Valuation to show separate fund
The annual valuation of the actuary of the society maintaining a separate fund shall show clearly and separately, and in such detail as the superintendent requires, the financial position of the society in respect of the certificates of insurance included, and those not included, within the scope of the separate fund.
Merger of fund on declaration being filed
Where a society that has been maintaining a separate fund files with the superintendent a declaration of the actuary appointed by the society, the separate fund may, with the approval of the superintendent, be merged with other similar funds of the society.
Nothing herein prevents a society that maintains a separate fund, from maintaining a common expense fund.
A society that files with the superintendent the declaration of an actuary, or a society that is maintaining a separate fund for its contracts, may provide in its constitution and rules for the issue of contracts of life insurance wherein the regular rates of contributions payable thereunder are limited to a period of 20 or more years, if those rates of contribution have been approved by an actuary and such certificates of insurance are subject to subsection 319(1); but such a limitation of payments does not affect the right of the society to make an assessment or assessments in respect of the certificates in accordance with its constitution and rules either during or after the period of the limited payments.
Special assessment for epidemic
Where an epidemic or other unforeseen contingency impairs the funds of a society, the governing executive authority of the society may impose a special assessment or special assessments upon the members or upon such class or classes thereof, and with such incidence, as in its opinion is deemed necessary and equitable, and the special assessment or assessments is binding on the members of the society, notwithstanding anything to the contrary in its charter or constitution, or in any certificate of insurance issued by it.
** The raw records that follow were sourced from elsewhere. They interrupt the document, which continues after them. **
(* Consider the network $N$ described in the context, with $3f < n \le 5f$. Let $X \in (A,B)$. Suppose the robots run any deterministic cautious algorithm. - If all Byzantine robots are located in $[A,X]$, then whenever the robots of $SetA$ are activated, their computed destinations lie in $[A,X]$. - Symmetrically, if all Byzantine robots are located in $[X,B]$, then whenever the robots of $SetB$ are activated, their computed destinations lie in $[X,B]$.
   Context: Model: robots on the real line in the ATOM model (each activated robot performs a full Look–Compute–Move cycle atomically). Robots are anonymous (same deterministic program), oblivious, have no common orientation, and have unlimited visibility with strong multiplicity detection (an observation is the multiset of all positions). Byzantine robots behave arbitrarily, with positions chosen by the adversary. Network $N$: there are $n$ robots, exactly $f$ of which are Byzantine, and $A<B$ are two points. - $SetA$: $f$ correct robots located at $A$. - $SetB$: $f$ correct robots located at $B$. - $SetX$: the remaining $n-3f$ correct robots, all at a common point $X \in (A,B)$. Cautious algorithm: for every time $t$ and every correct robot $i$, the last computed destination $D_i(t)$ lies in $[\min U^i(t), \max U^i(t)]$, where $U^i(t)$ is the multiset of positions of the correct robots in robot $i$'s last observation. In addition, whenever the correct robots are not all colocated, some correct robot later has a destination different from its position. *)

From HB Require Import structures.
From mathcomp Require Import all_boot all_order all_algebra.
Set Implicit Arguments. Unset Strict Implicit. Unset Printing Implicit Defensive.
Import Order.TTheory GRing.Theory Num.Theory.
Local Open Scope ring_scope.

(* No common orientation: each robot observes in a local frame centred at
   its own position, with an orientation (flip : bool) chosen by the
   adversary.  Anonymity + strong multiplicity detection: the observation is
   the multiset of all positions, represented canonically as a sorted list.
   A deterministic oblivious algorithm is a function alg : seq R -> R from
   the (local) observation to the (local) destination. *)

Definition orient (R : realFieldType) (flip : bool) : R := if flip then -1 else 1.

Definition observe (R : realFieldType) (n : nat) (pos : 'I_n -> R) (i : 'I_n)
    (flip : bool) : seq R :=
  sort <=%R [seq orient R flip * (pos j - pos i) | j <- enum 'I_n].

Definition dest (R : realFieldType) (n : nat) (alg : seq R -> R)
    (pos : 'I_n -> R) (i : 'I_n) (flip : bool) : R :=
  pos i + orient R flip * alg (observe pos i flip).

(* Safety part of cautiousness: in every configuration with exactly f
   Byzantine robots, every correct robot (in any local orientation) computes
   a destination in [min U, max U], U the positions of the correct robots. *)
Definition cautious (R : realFieldType) (n f : nat) (alg : seq R -> R) : Prop :=
  forall (pos : 'I_n -> R) (byz : {set 'I_n}), #|byz| = f ->
  forall i : 'I_n, i \notin byz -> forall flip : bool,
    (exists2 j, j \notin byz & pos j <= dest alg pos i flip) /\
    (exists2 k, k \notin byz & dest alg pos i flip <= pos k).

Definition network (R : realFieldType) (n f : nat) (A B X : R)
    (pos : 'I_n -> R) (byz setA setB : {set 'I_n}) : Prop :=
  [/\ #|byz| = f /\ #|setA| = f /\ #|setB| = f,
      [disjoint byz & setA] /\ [disjoint byz & setB] /\ [disjoint setA & setB],
      (forall j, j \in setA -> pos j = A),
      (forall j, j \in setB -> pos j = B) &
      (forall j, j \notin byz -> j \notin setA -> j \notin setB -> pos j = X)].

From HB Require Import structures.
From mathcomp Require Import all_boot all_order all_algebra.
Set Implicit Arguments. Unset Strict Implicit. Unset Printing Implicit Defensive.
Import Order.TTheory GRing.Theory Num.Theory.
Local Open Scope ring_scope.

(* A robot of SetA cannot tell the actual configuration from the one in which
   SetB (also of size f) is the Byzantine set.  Cautiousness in that second
   reading confines its destination to the hull of the robots outside SetB,
   which are all in [A, X] when the true Byzantine robots are. *)

Lemma cautious_dest_within (R : realFieldType) (n f : nat) (alg : seq R -> R)
    (pos : 'I_n -> R) (F : {set 'I_n}) (a b : R) :
  @cautious R n f alg -> #|F| = f ->
  (forall j, j \notin F -> a <= pos j <= b) ->
  forall i, i \notin F -> forall flip, a <= dest alg pos i flip <= b.
Proof.
move=> caut cardF hull i iF flip.
have [[j jF le_j] [k kF le_k]] := caut pos F cardF i iF flip.
have /andP[a_le _] := hull j jF; have /andP[_ le_b] := hull k kF.
by rewrite (le_trans a_le le_j) (le_trans le_k le_b).
Qed.

Section Network.

Variables (R : realFieldType) (n f : nat) (A B X : R) (pos : 'I_n -> R).
Variables (byz setA setB : {set 'I_n}).

Lemma network_sym :
  @network R n f A B X pos byz setA setB ->
  @network R n f B A X pos byz setB setA.
Proof.
case=> [[cb [cA cB]] [dbA [dbB dAB]] pA pB pX].
split=> //; first by rewrite [[disjoint setB & setA]]disjoint_sym.
by move=> j jb jB jA; apply: pX.
Qed.

Lemma network_notin_setB_within (a b : R) :
  @network R n f A B X pos byz setA setB ->
  a <= A <= b -> a <= X <= b -> (forall j, j \in byz -> a <= pos j <= b) ->
  forall j, j \notin setB -> a <= pos j <= b.
Proof.
case=> _ _ pA _ pX hA hX hb j jB.
have [/hb //|jb] := boolP (j \in byz).
by have [/pA ->|jA] := boolP (j \in setA); last rewrite pX.
Qed.

End Network.

Theorem lemma1 (R : realFieldType) (n f : nat) (alg : seq R -> R)
    (A B X : R) (pos : 'I_n -> R) (byz setA setB : {set 'I_n}) :
  (3 * f < n)%N -> (n <= 5 * f)%N -> A < X -> X < B ->
  @cautious R n f alg ->
  @network R n f A B X pos byz setA setB ->
  ((forall j, j \in byz -> A <= pos j <= X) ->
     forall i, i \in setA -> forall flip : bool,
       A <= dest alg pos i flip <= X) /\
  ((forall j, j \in byz -> X <= pos j <= B) ->
     forall i, i \in setB -> forall flip : bool,
       X <= dest alg pos i flip <= B).
Proof.
move=> _ _ /ltW AX /ltW XB caut net.
have net' := network_sym net.
have [[_ [cA cB]] [_ [_ dAB]] _ _ _] := net.
split=> hb i iS flip.
- apply: (cautious_dest_within caut cB); last by rewrite (disjointFr dAB iS).
  by apply: (network_notin_setB_within net); rewrite ?lexx ?AX.
- apply: (cautious_dest_within caut cA); last by rewrite (disjointFl dAB iS).
  by apply: (network_notin_setB_within net'); rewrite ?lexx ?XB.
Qed.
A society that files with the superintendent the declaration of an actuary may, if its constitution so provides and subject thereto,
(a) issue to its members, insurance contracts providing for the payment of the money due on maturity thereof either at death or upon the insured attaining a specified age;
(b) in case the society has more than 5,000 members in a life insurance department, issue to its members endowment insurance contracts providing for the payment of the insurance money to the members at the expiration of 20 or more years from the date of the contracts, or to the beneficiary or beneficiaries under any of such contracts in case of death of any of the members prior to the expiration of the endowment period; or
(c) grant such surrender values or other equities as are approved by the actuary of the society and authorized by its constitution.
R.S.M. 1987 Supp., c. 4, s. 11.
The governing executive authority of a society may make such additional levies from time to time upon members of the society as are necessary, in the opinion of the governing executive authority, to carry on properly the work of the society and prevent any deficit in its general or expense fund; and the additional levies are binding on the members of the society notwithstanding anything to the contrary in its charter, or constitution or laws, or in any certificate of insurance issued by it.
Certificate of actuary approving new rates
Every society shall, before putting into effect any new or additional benefits or any new scale of rates of contribution under certificates of insurance, file with the superintendent a certificate of an actuary approving the benefits or rates of contribution.
A society the valuation balance sheet of which shows a surplus of assets of more than 5% over and above all net liabilities may apply such portion of the surplus as is approved by the actuary appointed by the society, in the manner prescribed by the constitution and rules of the society.